• _REQUIRED ACTION_: Write out exactly the lines of the entries below from the one holding "vnorm (M *m v) <= opnorm" to the one holding "Lemma quad_le_opnorm d", inclusive, and leave out all other lines.

• _RECORDS FOR THIS EXERCISE_:
Lemma soc_rank_one m (E : 'M[F]_(d, m)) (j : 'I_m) (k : 'I_p) :
  2 * dotR (residual As y X) (meas As (E *m delta_mx j j *m adj (E *m delta_mx j j))) <=
  4 * dotR (meas As (E *m delta_mx j j *m adj (E *m delta_mx j j)))
           (meas As (X *m delta_mx k k *m adj (X *m delta_mx k k))).
Proof.
rewrite -(outer_rank_one E j k).
set U := E *m delta_mx j k; set Xk := X *m delta_mx k k.
apply: le_trans (soc_second_order U) _.
rewrite /sqnorm /dotR mulr_sumr; apply: ler_sum => i _.
have herm_Ai := (As_psd i).1.
have UX : hform (As i) U X = hform (As i) U Xk.
  have UE : U *m delta_mx k k = U by rewrite /U -mulmxA mul_delta_mx.
  by rewrite -{1}UE hform_mulr adj_delta.
rewrite /Defs.meas inner_symprod // UX !inner_hform //.
have := hform_CauchySchwarz U Xk (As_psd i); rewrite expr2; lra.
Qed.

Lemma soc_trace_bound m (E : 'M[F]_(d, m)) :
  2 * p%:R * dotR (residual As y X) (meas As (E *m adj E)) <=
  4 * dotR (meas As (E *m adj E)) (meas As (X *m adj X)).
Proof.
rewrite -[E *m adj E]sum_outer_cols -[X *m adj X]sum_outer_cols !meas_sum.
exact: dotR_sum_pairs_le (soc_rank_one E).
Qed.

Lemma sqnorm_meas_err_le (Zs : 'M[F]_d) (xi : 'I_n -> R) m
    (Xs : 'M[F]_(d, m)) (Rm : 'M[F]_(p, m)) :
  y = (fun i => meas As Zs i + xi i) -> Zs = Xs *m adj Xs ->
  sqnorm (meas As (X *m adj X - Zs)) <=
  dotR xi (meas As (X *m adj X - Zs)) +
  2 / (p%:R + 2) * dotR y (meas As ((Xs - X *m Rm) *m adj (Xs - X *m Rm))).
Proof.
move=> hy hZ; rewrite (sqnorm_meas_err Rm hy hZ) lerD2l.
have := soc_trace_bound (Xs - X *m Rm); set s := meas As _.
have -> : dotR s (meas As (X *m adj X)) = dotR y s - dotR (residual As y X) s.
  by rewrite /dotR -sumrB; apply: eq_bigr => i _; rewrite /residual; ring.
move: (dotR (residual As y X) s) (dotR y s) => S1 Sy trace_bound.
have p2_gt0 : 0 < p%:R + 2 :> R by rewrite ltr_wpDl.
by rewrite mulrAC ler_pdivlMr //; nra.
Qed.

End SecondOrderCritical.

Lemma vdot_ge0 d (v : 'cV[F]_d) : 0 <= reF ((adj v *m v) 0 0).
Proof. by rewrite mxE re_sum; apply: sumr_ge0 => l _; rewrite !mxE. Qed.

Lemma vnorm_ge0 d (v : 'cV[F]_d) : 0 <= vnorm v.
Proof. exact: sqrtr_ge0. Qed.

Lemma vnorm_sqr d (v : 'cV[F]_d) : vnorm v ^+ 2 = reF ((adj v *m v) 0 0).
Proof. by rewrite sqr_sqrtr // vdot_ge0. Qed.

Lemma psd1 d : psd (1%:M : 'M[F]_d).
Proof.
split; first exact: adj1.
by move=> v; rewrite mulmx1 vdot_ge0.
Qed.

Lemma re_vdot_le d (a b : 'cV[F]_d) : reF ((adj a *m b) 0 0) <= vnorm a * vnorm b.
Proof.
have := hform_CauchySchwarz a b (psd1 d).
rewrite /hform !mulmx1 /mxtrace !big_ord1 => cs.
rewrite -sqrtrM ?vdot_ge0 //; apply: le_trans (ler_norm _) _.
by rewrite -sqrtr_sqr ler_sqrt // mulr_ge0 ?vdot_ge0.
Qed.

Lemma vnormZ d c (v : 'cV[F]_d) :
  vnorm (c *: v) = Num.sqrt (reF (conjF c * c)) * vnorm v.
Proof.
rewrite /Defs.vnorm adjZ -scalemxAl -scalemxAr scalerA mxE [in LHS]normsq_real.
by rewrite re_embM sqrtrM ?re_normsq_ge0.
Qed.

Lemma vnorm_embZ d t (v : 'cV[F]_d) : 0 <= t -> vnorm (embF t *: v) = t * vnorm v.
Proof.
move=> t_ge0; rewrite /Defs.vnorm adj_embZ -scalemxAl -scalemxAr !mxE !re_embM.
by rewrite mulrA -expr2 sqrtrM ?sqr_ge0 // sqrtr_sqr ger0_norm.
Qed.

Lemma normsq_re_vdot_le d (a v : 'cV[F]_d) :
  reF (conjF ((adj a *m v) 0 0) * (adj a *m v) 0 0) <= vnorm a ^+ 2 * vnorm v ^+ 2.
Proof.
set w := (adj a *m v) 0 0; have cs := re_vdot_le (w *: a) v.
rewrite vnormZ adjZ -scalemxAl mxE -/w in cs.
have s_sqr := sqr_sqrtr (re_normsq_ge0 w).
have := sqr_ge0 (vnorm a * vnorm v - Num.sqrt (reF (conjF w * w))).
by nra.
Qed.

Lemma opnorm_has_ubound d (M : 'M[F]_d) :
  has_ubound [set vnorm (M *m v) | v in [set v : 'cV[F]_d | vnorm v = 1]].
Proof.
exists (Num.sqrt (\sum_i vnorm (adj (row i M)) ^+ 2)) => _ [v /= v_unit <-].
rewrite [leLHS]/Defs.vnorm ler_sqrt; last by apply: sumr_ge0 => i _; exact: sqr_ge0.
rewrite mxE re_sum; apply: ler_sum => i _.
have -> : adj (M *m v) 0 i * (M *m v) i 0 =
    conjF (row i (M *m v) 0 0) * row i (M *m v) 0 0 by rewrite !mxE.
rewrite row_mul; have := normsq_re_vdot_le (adj (row i M)) v.
by rewrite v_unit expr1n mulr1 adjK.
Qed.

Lemma vnorm_mul_le d (M : 'M[F]_d) (v : 'cV[F]_d) : 0 < vnorm v ->
  vnorm (M *m v) <= opnorm conjF reF M * vnorm v.
Proof.
move=> v_gt0; set c := (vnorm v)^-1.
have c_ge0 : 0 <= c by rewrite invr_ge0 ltW.
have : vnorm (M *m (embF c *: v)) <= opnorm conjF reF M.
  apply: (ub_le_sup (opnorm_has_ubound M)); exists (embF c *: v) => //.
  by rewrite /= vnorm_embZ // mulVf // gt_eqF.
by rewrite -scalemxAr vnorm_embZ // mulrC ler_pdivrMr.
Qed.

(* [vnorm v = 0] need not force [v = 0] here; that case goes through
   Cauchy-Schwarz instead of the definition of [opnorm]. *)
Lemma quad_le_opnorm d (M : 'M[F]_d) (v : 'cV[F]_d) :
  reF ((adj v *m M *m v) 0 0) <= opnorm conjF reF M * vnorm v ^+ 2.
Proof.
rewrite -mulmxA; apply: le_trans (re_vdot_le v (M *m v)) _.
have [-> | v_neq0] := eqVneq (vnorm v) 0; first by rewrite !mul0r expr0n mulr0.
have v_gt0 : 0 < vnorm v by rewrite lt_def v_neq0 vnorm_ge0.
apply: le_trans (ler_wpM2l (vnorm_ge0 v) (vnorm_mul_le M v_gt0)) _.
by rewrite mulrCA expr2.
Qed.

Lemma frob_sqr m r (E : 'M[F]_(m, r)) :
  frob conjF reF E ^+ 2 = \sum_j vnorm (col j E) ^+ 2.
Proof.
have inner_cols : inner E E = \sum_j vnorm (col j E) ^+ 2.
  rewrite /Defs.inner -(mulmx1 (adj E)) mxtrace_adj_cols re_sum.
  by apply: eq_bigr => j _; rewrite vnorm_sqr mulmx1.
by rewrite /frob inner_cols sqr_sqrtr // sumr_ge0 // => j _; exact: sqr_ge0.
Qed.

Lemma hform_le_opnorm d m (M : 'M[F]_d) (E : 'M[F]_(d, m)) :
  hform M E E <= opnorm conjF reF M * frob conjF reF E ^+ 2.
Proof.
rewrite /hform mxtrace_adj_cols re_sum frob_sqr mulr_sumr.
by apply: ler_sum => j _; exact: quad_le_opnorm.
Qed.

Lemma measadj_hermitian n d (As : 'I_n -> 'M[F]_d) (z : 'I_n -> R) :
  (forall i, hermitian (As i)) -> hermitian (measadj embF As z).
Proof.
move=> herm_As; rewrite /Defs.hermitian adj_sum.
by apply: eq_bigr => i _; rewrite adj_embZ herm_As.
Qed.

Lemma dotR_meas_le_opnorm n d m (As : 'I_n -> 'M[F]_d) (z : 'I_n -> R)
    (E : 'M[F]_(d, m)) :
  (forall i, hermitian (As i)) ->
  dotR z (meas As (E *m adj E)) <=
  opnorm conjF reF (measadj embF As z) * frob conjF reF E ^+ 2.
Proof.
move=> herm_As; rewrite dotR_meas inner_hform; first exact: hform_le_opnorm.
exact: measadj_hermitian.
Qed.

Lemma lemma1_claim_holds : lemma1_claim conjF reF embF.
Proof.
move=> d n r p As Zs xi y Xs X As_psd _ _ _ hy hZ X_crit Rm D E; split.
  by move: (sqnorm_meas_err_le X_crit As_psd Rm hy hZ).
rewrite lerD2l -!mulrA ler_wpM2l // mulrCA ler_wpM2l ?invr_ge0 ?addr_ge0 //.
by apply: dotR_meas_le_opnorm => i; case: (As_psd i).
Qed.

End ScalarField.

Theorem lemma1 (R : realType) :
  lemma1_claim (F := R) id id id /\
  lemma1_claim (F := R[i]) (@conjc R) (@Re R) (fun t : R => (t%:C)%C).
Proof.
split; first by apply: lemma1_claim_holds => // a; rewrite -expr2 Num.Theory.sqr_ge0.
apply: lemma1_claim_holds.
- exact: rmorphD.
- exact: rmorphM.
- exact: conjcK.
- exact: conjc_real.
- by move=> [a1 a2] [b1 b2].
- by move=> t [a1 a2] /=; simpc.
- by case.
- by move=> [a1 a2] /=; simpc; rewrite Num.Theory.addr_ge0 // -expr2 Num.Theory.sqr_ge0.
- by move=> [a1 a2] /=; simpc; rewrite [a2 * a1]mulrC subrr.
Qed.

• _EXERCISE ANSWER_:
  vnorm (M *m v) <= opnorm conjF reF M * vnorm v.
Proof.
move=> v_gt0; set c := (vnorm v)^-1.
have c_ge0 : 0 <= c by rewrite invr_ge0 ltW.
have : vnorm (M *m (embF c *: v)) <= opnorm conjF reF M.
  apply: (ub_le_sup (opnorm_has_ubound M)); exists (embF c *: v) => //.
  by rewrite /= vnorm_embZ // mulVf // gt_eqF.
by rewrite -scalemxAr vnorm_embZ // mulrC ler_pdivrMr.
Qed.

(* [vnorm v = 0] need not force [v = 0] here; that case goes through
   Cauchy-Schwarz instead of the definition of [opnorm]. *)
Lemma quad_le_opnorm d (M : 'M[F]_d) (v : 'cV[F]_d) :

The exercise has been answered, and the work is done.